Pero también a saber que sin esfuerzo, astucia y valor, es imposible lograr
nada que valga la pena, es imposible alcanzar el tesoro. Lo excepcional de esta
trama es que está reducida a la acción esencial, y, salvo un circunstancial
cambio de narrador efectuado con genio, es aparentemente un trayecto en línea
recta que, irremediablemente, atrapa al lector afortunado. Y sin embargo ¡qué
calidad de sugerencias quedan en el lector! Eso es porque, ante todo lo
esencial es lo contrario es lo contrario
a esquematismo y simpleza. Lo fundamental de Stevenson está repleto de
contenidos. El esquematismo –que introducirá el cine con sus propias exigencias
comerciales- reduce las cosas a su apariencia básica, por ejemplo a ver la obra
exclusivamente a través del contraste entre los dos personajes centrales.

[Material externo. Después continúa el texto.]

Definition op_mx (T : finType) (P : op R T) : 'M[C]_#|T| :=
  \matrix_(i, j) P (enum_val i) (enum_val j).

Lemma qform_op_mx (T : finType) (P : op R T) v :
  qform P v = \sum_i \sum_j (v (enum_val i))^* * op_mx P i j * v (enum_val j).
Proof.
rewrite /qform big_enum_val; apply: eq_bigr => i _.
by rewrite big_enum_val; apply: eq_bigr => j _; rewrite mxE.
Qed.

Section Spectral.
Variables (T : finType) (P : op R T).
Hypothesis Ppsd : psd P.
Let S := spectralmx (op_mx P).
Let d := spectral_diag (op_mx P).

Lemma psd_op_mx_spectral : op_mx P = S^t* *m diag_mx d *m S.
Proof.
have herm : (op_mx P)^t* = op_mx P.
  by apply/matrixP => k l; rewrite !mxE (proj1 Ppsd) conjCK.
have /orthomx_spectralP : op_mx P \is normalmx by rewrite qualifE herm.
by rewrite invmx_unitary ?spectral_unitarymx.
Qed.

Lemma psd_spectral_diag_ge0 k : 0 <= d 0 k.
Proof.
have SSt : S *m S^t* = 1%:M by apply/unitarymxP; exact: spectral_unitarymx.
have : (S *m op_mx P *m S^t*) k k = d 0 k.
  rewrite psd_op_mx_spectral !mulmxA SSt mul1mx -mulmxA SSt mulmx1.
  by rewrite mxE eqxx mulr1n.
move <-; rewrite (_ : _ k k = qform P (fun x => (S k (enum_rank x))^* )).
  exact: psd_qform_ge0.
rewrite qform_op_mx mxE exchange_big; apply: eq_bigr => j _.
by rewrite !mxE big_distrl; apply: eq_bigr => i _; rewrite !enum_valK conjCK !mxE.
Qed.

Definition psd_factor k x : C := sqrtC (d 0 k) * S k (enum_rank x).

Quedarse con lo esencial y sostenerlo a pulso con tanta exigencia únicamente es
privilegio de un autor de primera categoría. Stevenson consigue también
quedarse con la pura fuerza dramática de un trayecto que es, nada menos que la
experiencia de una vida. Además, esta historia no está confiada sólo al
resultado final, que importa pero menos que el trayecto. La aventurera es una
experiencia moral abierta, llena de contradicciones y sugerencias.
El lector
inexorablemente cautivado, regresa al libro para ampliar su perspectiva.
Entonces descubre con extrema claridad el formidable papel de Long John Silver;
no sólo porque sea la contrafigura de Jim como lo es todavía más de los
caballeros que lo contratan para trabajar de grumete, sino porque es el único
personaje ambiguo entre todo el plantel de caracteres más o menos de una pieza
que componen el relato. Lo que opone Stevenson al aprendizaje de Jim Hawkins
—el otro personaje que no es de una pieza, pues cambia sustancialmente— es esa
maligna y atractiva ambigüedad, magistralmente trazada, de Silver. Ahí está la
clave de la potencia dramática del libro. Es más, de no existir John Silver, el
libro habría sido uno más y nuestro querido Jim Hawkins no hubiese sacado
provecho alguno de su aventura en compañía de señores formales que no se
cuestionan nada. Por eso me refería antes al admirable desarrollo de la fuerza
dramática contenida en la novela. La verdadera aventura de Jim comienza en
cuanto aparece John Silver, entonces entramos en un terreno ambivalente, un
padre que puede ser un ogro y al revés…
Habría que añadir
un pespunte que destaca ya desde las primeras líneas, el tono de saga narrada
alrededor del fuego: “Cojo la pluma en el año de gracia de 17…para remontarme a
mi niñez, cuando mi padre era dueño de la posada almirante Benbow, en la que cierto
se hospedó un viejo lobo de mar, curtido por la intemperie, tostado por el solo
de todos los mares y con el rostro marcado por las profunda cicatriz de un
sablazo…Como sí hubiera sido ayer, recuerdo el paso renqueante con el que llegó
a la puerta del mesón. Seguido de una carretilla en laque un mozo le llevaba su
cofre de marinero. Era un hombre alto, macizo, vigoroso y muy moreno; su
embreada coleta le rozaba el cuello y las hombreras de su manchada casaca azul.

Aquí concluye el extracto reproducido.